-- WHAT YOU ARE ASKED TO DO --
Go through the records and count the lines where the string "Require" occurs. Reply with the number only.

(Beginning of INPUT MATERIAL)

(* Assume the standing assumptions in the context. Let $S\subsetneq S^*$ and $k=|S|$. Then $$\inf_{\alpha\in\mathbb{R},\,i\in S^*\setminus S}\mathbb{E}\Big[\big(x^\top\beta^S+\alpha\beta^*_ix_i-y\big)^2\Big]\le\mathbb{E}\big[(x^\top\beta^S-y)^2\big]-\frac{1}{s^*-k}\,\frac{\rho}{L}\,\mathbb{E}\Big[\big(x^\top(\beta^*-\beta^S)\big)^2\Big].$$
   Context: Standing assumptions: $(x,y)$ random with $x\in\mathbb{R}^d$, $y\in\mathbb{R}$; $\mathbb{E}[x]=0$; $y=\langle\beta^*,x\rangle+\epsilon$ with $\mathbb{E}[\epsilon\mid x]=0$; $S^*=\mathrm{supp}(\beta^* )$, $s^*=|S^*|$; $\Sigma$ the covariance of $x$, $\Sigma_F$ its principal submatrix on $F$; there are $0<\rho\le L$ with all eigenvalues of $\Sigma_F$ in $[\rho,L]$ for all $|F|=s^*$; for $|F|=s^*$, $\mu_F:=\max_{j\notin F}\|\Sigma_F^{-1}\mathrm{Cov}(x_F,x_j)\|_1<1$; $|y|<1$ and $\|x\|_\infty<M$ almost surely. $\mathcal{R}(\beta)=\mathbb{E}[(y-\langle x,\beta\rangle)^2]$ and $\beta^S=\arg\min_{\mathrm{supp}(\beta)\subseteq S}\mathcal{R}(\beta)$. *)

From HB Require Import structures.
From mathcomp Require Import all_boot all_order all_algebra.
From mathcomp Require Import all_classical all_reals all_analysis.
Set Implicit Arguments. Unset Strict Implicit. Unset Printing Implicit Defensive.
Import Order.TTheory GRing.Theory Num.Theory.
Local Open Scope classical_set_scope.
Local Open Scope ring_scope.

Section Defs.
Context (d : measure_display) (T : measurableType d) (R : realType)
  (P : probability T R) (n : nat).

(* real-valued expectation (all variables here are bounded, so finite) *)
Definition Ex (f : T -> R) : R := fine ('E_P[f])%E.

Definition ip (x : 'I_n -> T -> R) (b : 'I_n -> R) (w : T) : R :=
  \sum_(j < n) b j * x j w.

Definition supp (b : 'I_n -> R) : {set 'I_n} := [set i | b i != 0].

Definition Sigma (x : 'I_n -> T -> R) : 'M[R]_n :=
  \matrix_(i, j) fine (covariance P (x i) (x j)).

Definition SigmaF (x : 'I_n -> T -> R) (F : {set 'I_n}) : 'M[R]_#|F| :=
  \matrix_(a, b) Sigma x (enum_val a) (enum_val b).

Definition CovFj (x : 'I_n -> T -> R) (F : {set 'I_n}) (j : 'I_n) : 'cV[R]_#|F| :=
  \col_a Sigma x (enum_val a) j.

Definition norm1 m (v : 'cV[R]_m) : R := \sum_(a < m) `|v a 0|.
Lemma nu_y_block_sandwich {g : G * G -> R} {E : set G} {c eps : R} :
  continuous g -> (forall z, 0 <= g z)%R -> measurable (E : set (borel G)) ->
  (forall a b, E a -> E b -> `|g (a, op b y) - c| <= eps)%R ->
  exists2 r : R, \int[lam]_(x in E) (g (s_map op y x))%:E = r%:E &
    ((c - eps) * fine (lam E) <= r <= (c + eps) * fine (lam E))%R.
Proof.
move=> gc g0 mE gE; apply: integral_sandwich => //.
- by rewrite fineK // fin_num_measure.
- exact: measurable_funTS (measurable_comp_s_map gc).
- by move=> x Ex; rewrite -ler_distl; exact: gE.
Qed.

Lemma nu_part_block_sandwich {g : G * G -> R} {E : set G} {c eps : R}
    (mE : measurable (E : set (borel G))) :
  continuous g -> (forall z, 0 <= g z)%R ->
  (forall a b, E a -> E b -> `|g (a, op b y) - c| <= eps)%R ->
  exists2 r : R, ((fine (lam E))^-1)%:E *
      \int[mrestr lam2 (measurable_shift_rect mE)]_(z in shift_rect E) (g z)%:E = r%:E &
    ((c - eps) * fine (lam E) <= r <= (c + eps) * fine (lam E))%R.
Proof.
move=> gc g0 gE.
have lam2E : mrestr lam2 (measurable_shift_rect mE) (shift_rect E) =
    (fine (lam E) * fine (lam E))%:E.
  rewrite /mrestr setIid /shift_rect (proj2 hlam2 _ _ mE (measurable_rtrans hG y mE)).
  rewrite /rtrans; case: hlam => _ _ -> //.
  by rewrite EFinM fineK // fin_num_measure.
have gD : forall z, shift_rect E z -> (c - eps <= g z <= c + eps)%R.
  by move=> [a b] [/= Ea [b' Eb' <-]]; rewrite -ler_distl; exact: gE.
have [r -> /andP[lr ru]] := integral_sandwich (measurable_shift_rect mE) lam2E
  (measurable_funTS (continuous_borel_measurable_EFin gc)) (fun z _ => g0 z) gD.
set m := fine (lam E) in lr ru *.
have scale a : (a * m = m^-1 * (a * (m * m)))%R.
  have [->|m0] := eqVneq m 0%R; first by rewrite !(mulr0, mul0r).
  by rewrite mulrCA mulKf.
exists (m^-1 * r)%R; first by rewrite EFinM.
have m0 : (0 <= m^-1)%R by rewrite invr_ge0 fine_ge0.
by apply/andP; split; rewrite scale; apply: ler_wpM2l.
Qed.

Definition nearly_constant (g : G * G -> R) (eps : R) (E : set G) :=
  exists c : R, forall a b, E a -> E b -> (`|g (a, op b y) - c| <= eps)%R.

Lemma nearly_constant_max0 {g eps E} : nearly_constant g eps E ->
  nearly_constant (fun z => Num.max (g z) 0%R) eps E.
Proof.
move=> [c gE]; exists (Num.max c 0%R) => a b Ea Eb.
exact: le_trans (ler_dist_max0 _ _) (gE a b Ea Eb).
Qed.

Lemma nearly_constant_opp {g eps E} : nearly_constant g eps E ->
  nearly_constant (fun z => - g z)%R eps E.
Proof. by move=> [c gE]; exists (- c)%R => a b Ea Eb; rewrite -opprD normrN gE. Qed.

Lemma block_integrals_close {g : G * G -> R} {eps : R} {E : set G}
    (mE : measurable (E : set (borel G))) :
  continuous g -> (forall z, 0 <= g z)%R -> nearly_constant g eps E ->
  [/\ ((fine (lam E))^-1)%:E *
        \int[mrestr lam2 (measurable_shift_rect mE)]_(z in shift_rect E) (g z)%:E \is a fin_num,
      \int[lam]_(x in E) (g (s_map op y x))%:E \is a fin_num &
      (`|fine (((fine (lam E))^-1)%:E *
          \int[mrestr lam2 (measurable_shift_rect mE)]_(z in shift_rect E) (g z)%:E) -
        fine (\int[lam]_(x in E) (g (s_map op y x))%:E)| <= 2 * eps * fine (lam E))%R].
Proof.
move=> gc g0 [c gE].
have [x -> /andP[xl xu]] := nu_part_block_sandwich mE gc g0 gE.
have [x' -> /andP[x'l x'u]] := nu_y_block_sandwich gc g0 mE gE.
by split => //=; rewrite ler_norml; apply/andP; split; lra.
Qed.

(End of INPUT MATERIAL)

-- OUTPUT OF THE TASK --
3